Task to carry out
Where in the data does the word "Hcontr" appear? Find those lines and copy them.

Saved data entries
------------------------------

Theorem corollary3 (X : Type) (d : X -> X -> R) (N : nat)
  (alpha : X * X -> X * X -> R) (F : X -> X -> X)
  (Hd : is_metric d) (Hcomp : complete d)
  (HN : (0 < N)%nat)
  (Halpha_nonneg : forall p q, 0 <= alpha p q)
  (Htrans : N_transitive N alpha)
  (Hcontr : forall eps, 0 < eps -> exists delta, 0 < delta /\
     forall x y u v,
       eps <= (d x u + d y v) / 2 < eps + delta ->
       alpha (x, y) (u, v) * d (F x y) (F u v) < eps)
  (HB1 : forall x y u v, 1 <= alpha (x, y) (u, v) ->
       1 <= alpha (F x y, F y x) (F u v, F v u))
  (HB2 : exists x0 y0, 1 <= alpha (x0, y0) (F x0 y0, F y0 x0) /\
       1 <= alpha (F y0 x0, F x0 y0) (y0, x0))
  (HB34 : continuous2 d F \/
     (forall (xs ys : nat -> X) (x y : X),
        converges d xs x -> converges d ys y ->
        (forall n, 1 <= alpha (xs n, ys n) (xs (S n), ys (S n)) /\
                   1 <= alpha (ys (S n), xs (S n)) (ys n, xs n)) ->
        exists nk : nat -> nat, (forall k, (nk k < nk (S k))%nat) /\
          forall k, 1 <= alpha (xs (nk k), ys (nk k)) (x, y) /\
                    1 <= alpha (y, x) (ys (nk k), xs (nk k))))
  (HB5 : gamma_connected
     (fun p q : X * X => Rmin (alpha p q) (alpha (snd q, fst q) (snd p, fst p)))) :
  exists xstar : X,
    (forall x y, (F x y = x /\ F y x = y) <-> (x = xstar /\ y = xstar)) /\
    F xstar xstar = xstar /\
    (forall x, F x x = x -> x = xstar) /\
    (forall x y, converges d (fun n => Fiter F n x y) xstar).
Proof.
  set (T := coupled_map F).
  pose proof (prod_dist_metric X d Hd) as Hrho.
  pose proof (coupled_rel_preserved alpha F HB1) as HPT.
  pose proof (coupled_map_meir_keeler X d Hd alpha F Hcontr) as Hmk.
  destruct HB2 as [x0 [y0 HP0]].
  pose proof (orbit_cauchy _ _ T _ Hrho HPT Hmk N (x0, y0) HN
                (coupled_rel_N_transitive alpha N Htrans) HP0) as Hcauchy.
  destruct (prod_dist_complete X d Hd Hcomp _ Hcauchy) as [l Hl].
  assert (Hfix : T l = l).
  { destruct HB34 as [Hcont | Hreg].
    - exact (limit_fixed_of_continuous _ _ T Hrho (x0, y0) l Hl
               (coupled_map_continuous X d F Hcont l)).
    - apply (coupled_limit_fixed_of_regular X d Hd alpha F (x0, y0) l Hreg Hmk); [|exact Hl].
      intros n; rewrite Nat.iter_succ_r; apply iter_related; assumption. }
  assert (Hattr : forall p, converges (prod_dist d) (fun n => Nat.iter n T p) l).
  { intros p; apply (fixed_point_attracts _ _ T _ Hrho HPT Hmk l p Hfix).
    apply coupled_rel_connected, HB5. }
  assert (Huniq : forall x y, F x y = x -> F y x = y -> (x, y) = l).
  { intros x y Hx Hy. apply (fixed_point_eq_of_converges _ _ T Hrho); [|apply Hattr].
    unfold T, coupled_map; simpl; rewrite Hx, Hy; reflexivity. }
  destruct l as [a b]. injection Hfix as Ha Hb.
  injection (Huniq b a Hb Ha) as -> _.
  exists a; split; [|split; [|split]].
  - intros x y; split; [intros [Hx Hy]; injection (Huniq x y Hx Hy); tauto|].
    intros [-> ->]; tauto.
  - exact Ha.
  - intros x Hx; injection (Huniq x x Hx Hx); tauto.
  - intros x y. exact (converges_Fiter X d Hd F x y (a, a) (Hattr (x, y))).
Qed.
Lemma Hbox_ge0 k t1 : tau <= t1 <= t -> 0 <= Hbox D2 p k j t1 t (p t j).
Proof.
move=> t1P; apply: Rle_trans (Rabs_pos (D2 k j (p t))) _.
by apply: Hbox_ge; [lra | apply: box_current; lra].
Qed.

Lemma Hbox_mono k t1 : tau <= t1 <= t -> Hbox D2 p k j t1 t (p t j) <= Hbox D2 p k j tau t (p t j).
Proof. exact/max_over_box_mono/continuous_vec_Rabs/(proj2 (proj2 Hphi) k j).2. Qed.

(* At step [r] every coordinate [k <> j] of [x] is clamped to the range of its values
   over the epochs [r..m]; step [i] then moves only coordinate [kk i], by at most
   [|dp i|], inside the box [P_j^[beta i, t]]. *)
Definition staircase (x : vec n) r : vec n :=
  fun k => if k == j then p t j else clamp (hull_lo k r) (hull_hi k r) (x k).

Lemma staircase_in x r k : (r <= m)%N -> k != j ->
  hull_lo k r <= staircase x r k <= hull_hi k r.
Proof. by move=> rm kj; rewrite /staircase (negbTE kj); apply/clamp_in/hull_lo_hi. Qed.

Lemma staircase_first x : box p j tau t (p t j) x -> staircase x 0 = x.
Proof.
move=> xb; apply: functional_extensionality => k; rewrite /staircase.
case: (eqVneq k j) => [->|kj]; first by rewrite (proj1 xb).
exact/clamp_id/(box_in_hull _ _ _ xb kj).
Qed.

Lemma staircase_last x : staircase x m = p t.
Proof.
apply: functional_extensionality => k; rewrite /staircase.
case: (eqVneq k j) => [->|kj] //.
by rewrite /hull_lo /hull_hi !big_geq // clamp_pt /epoch_value epoch_end_last.
Qed.

Lemma staircaseS x (i : 'I_m) :
  staircase x i.+1 = upd (staircase x i) (kk i) (staircase x i.+1 (kk i)).
Proof.
apply: functional_extensionality => k; rewrite /upd.
case: (eqVneq k (kk i)) => [->|ki] //; rewrite /staircase.
case: (eqVneq k j) => // kj.
have same : epoch_value i.+1 k = epoch_value i k.
  by rewrite epoch_valueS ?(negbTE ki) ?Rplus_0_r //; apply/eqP.
rewrite (hull_loS k i) // (hull_hiS k i) // -same Rmin_right ?Rmax_right //.
- by apply: hull_hi_ge; rewrite leqnn ltn_ord.
- by apply: hull_lo_le; rewrite leqnn ltn_ord.
Qed.

Lemma staircaseS_dist x (i : 'I_m) :
  Rabs (staircase x i.+1 (kk i) - staircase x i (kk i)) <= Rabs (dp i).
Proof.
have ij : kk i != j by apply/eqP.
have -> : Rabs (dp i) = Rabs (epoch_value i (kk i) - epoch_value i.+1 (kk i)).
  by rewrite epoch_valueS // eqxx -Rabs_Ropp; f_equal; ring.
rewrite /staircase (negbTE ij) (hull_loS _ i) // (hull_hiS _ i) //.
by apply: clamp_widen; split; [apply: hull_lo_le | apply: hull_hi_ge]; rewrite leqnn ltn_ord.
Qed.

Lemma staircase_segment_in_box x (i : 'I_m) s :
  let a := staircase x i (kk i) in let b := staircase x i.+1 (kk i) in
  Rmin a b <= s <= Rmax a b -> box p j (beta i) t (p t j) (upd (staircase x i) (kk i) s).
Proof.
move=> a b sab; have ij : kk i != j by apply/eqP.
have im := ltnW (ltn_ord i).
rewrite -epoch_end_ord; apply: hull_in_box => //.
  by rewrite upd_neq; [rewrite /staircase eqxx | move=> E; apply: (Hkk_ne i); rewrite E].
move=> k kj; case: (eqVneq k (kk i)) => [->|ki]; last first.
  by rewrite upd_neq; [apply: staircase_in | apply/eqP].
rewrite upd_eq; have [a_lo a_hi] := staircase_in x i _ im ij.
have [b_lo b_hi] := staircase_in x i.+1 _ (ltn_ord i) ij.
have lo_le : hull_lo (kk i) i <= hull_lo (kk i) i.+1 by rewrite (hull_loS _ i) //; apply: Rmin_r.
have hi_ge : hull_hi (kk i) i.+1 <= hull_hi (kk i) i by rewrite (hull_hiS _ i) //; apply: Rmax_r.
have := Rmin_glb _ _ _ a_lo (Rle_trans _ _ _ lo_le b_lo).
have := Rmax_lub _ _ _ a_hi (Rle_trans _ _ _ b_hi hi_ge).
rewrite /a /b in sab; lra.
Qed.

------------------------------

Completed task
  (Hcontr : forall eps, 0 < eps -> exists delta, 0 < delta /\
  pose proof (coupled_map_meir_keeler X d Hd alpha F Hcontr) as Hmk.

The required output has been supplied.